Restate the material below word for word, from its first line to its last.

::::

Lemma fun_seg_below_inj {b} : R b a -> inj (seg R b -> K) K.
Proof.
move=> Rba; have [i hi] := seg_below_inj Rba.
pose S l := exists w, i w = l.
have pre (s : {l | S l}) := constructive_indefinite_description _ (proj2_sig s).
have S_small : ~ inj L {l | S l}.
  move=> h; apply: (amin _ Rba); apply: inj_trans h _.
  exists (fun s => proj1_sig (pre s)) => s1 s2 E; apply: sig_eq.
  by rewrite -(proj2_sig (pre s1)) -(proj2_sig (pre s2)) E.
apply: inj_trans (hpow S S_small).
exists (fun phi s => phi (proj1_sig (pre s))) => p1 p2 E.
apply: functional_extensionality => w.
have := f_equal (fun h => h (exist S (i w) (ex_intro _ w erefl))) E => /=.
suff -> : proj1_sig (pre (exist S (i w) (ex_intro _ w erefl))) = w by [].
exact/hi/(proj2_sig (pre _)).
Qed.

(* A partial function is coded by some b < a and an enumeration of its graph by seg b. *)
Lemma small_pfun_inj_at : inj (small_pfun K L) K.
Proof.
have hsq := inj_square_of_pow_below hLinf hpow.
have hopt : inj (option (K * K)) K := inj_trans (inj_option hsq) (inj_option_of_square hKinf hsq).
pose Code := {b : seg R a & seg R (proj1_sig b) -> option (K * K)}.
have code_inj : inj Code K.
  apply: inj_trans (inj_sigT _ (hW.2.1 a) _) hsq => [[b Rba]].
  exact: inj_trans (inj_fun_codom hopt) (fun_seg_below_inj Rba).
apply: inj_trans code_inj.
have enc (r : small_pfun K L) :
    {c : Code | forall x y, proj1_sig r x y <-> exists t, projT2 c t = Some (x, y)}.
  apply: constructive_indefinite_description.
  have [b [Rba hb]] := inj_seg_below _ (proj2 (proj2 (proj2_sig r))).
  have [h hh] := graph_enum _ hb.
  by exists (existT _ (exist _ b Rba) h).
exists (fun r => proj1_sig (enc r)) => r1 r2 E; apply: sig_eq.
apply: functional_extensionality => x; apply: functional_extensionality => y.
apply: propositional_extensionality.
by split=> /(proj2_sig (enc _)) h; apply/(proj2_sig (enc _)); rewrite ?E // -E.
Qed.

End SmallPartialFunctions.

::::

_ANSWER SPACE_:
Lemma fun_seg_below_inj {b} : R b a -> inj (seg R b -> K) K.
Proof.
move=> Rba; have [i hi] := seg_below_inj Rba.
pose S l := exists w, i w = l.
have pre (s : {l | S l}) := constructive_indefinite_description _ (proj2_sig s).
have S_small : ~ inj L {l | S l}.
  move=> h; apply: (amin _ Rba); apply: inj_trans h _.
  exists (fun s => proj1_sig (pre s)) => s1 s2 E; apply: sig_eq.
  by rewrite -(proj2_sig (pre s1)) -(proj2_sig (pre s2)) E.
apply: inj_trans (hpow S S_small).
exists (fun phi s => phi (proj1_sig (pre s))) => p1 p2 E.
apply: functional_extensionality => w.
have := f_equal (fun h => h (exist S (i w) (ex_intro _ w erefl))) E => /=.
suff -> : proj1_sig (pre (exist S (i w) (ex_intro _ w erefl))) = w by [].
exact/hi/(proj2_sig (pre _)).
Qed.

(* A partial function is coded by some b < a and an enumeration of its graph by seg b. *)
Lemma small_pfun_inj_at : inj (small_pfun K L) K.
Proof.
have hsq := inj_square_of_pow_below hLinf hpow.
have hopt : inj (option (K * K)) K := inj_trans (inj_option hsq) (inj_option_of_square hKinf hsq).
pose Code := {b : seg R a & seg R (proj1_sig b) -> option (K * K)}.
have code_inj : inj Code K.
  apply: inj_trans (inj_sigT _ (hW.2.1 a) _) hsq => [[b Rba]].
  exact: inj_trans (inj_fun_codom hopt) (fun_seg_below_inj Rba).
apply: inj_trans code_inj.
have enc (r : small_pfun K L) :
    {c : Code | forall x y, proj1_sig r x y <-> exists t, projT2 c t = Some (x, y)}.
  apply: constructive_indefinite_description.
  have [b [Rba hb]] := inj_seg_below _ (proj2 (proj2 (proj2_sig r))).
  have [h hh] := graph_enum _ hb.
  by exists (existT _ (exist _ b Rba) h).
exists (fun r => proj1_sig (enc r)) => r1 r2 E; apply: sig_eq.
apply: functional_extensionality => x; apply: functional_extensionality => y.
apply: propositional_extensionality.
by split=> /(proj2_sig (enc _)) h; apply/(proj2_sig (enc _)); rewrite ?E // -E.
Qed.

End SmallPartialFunctions.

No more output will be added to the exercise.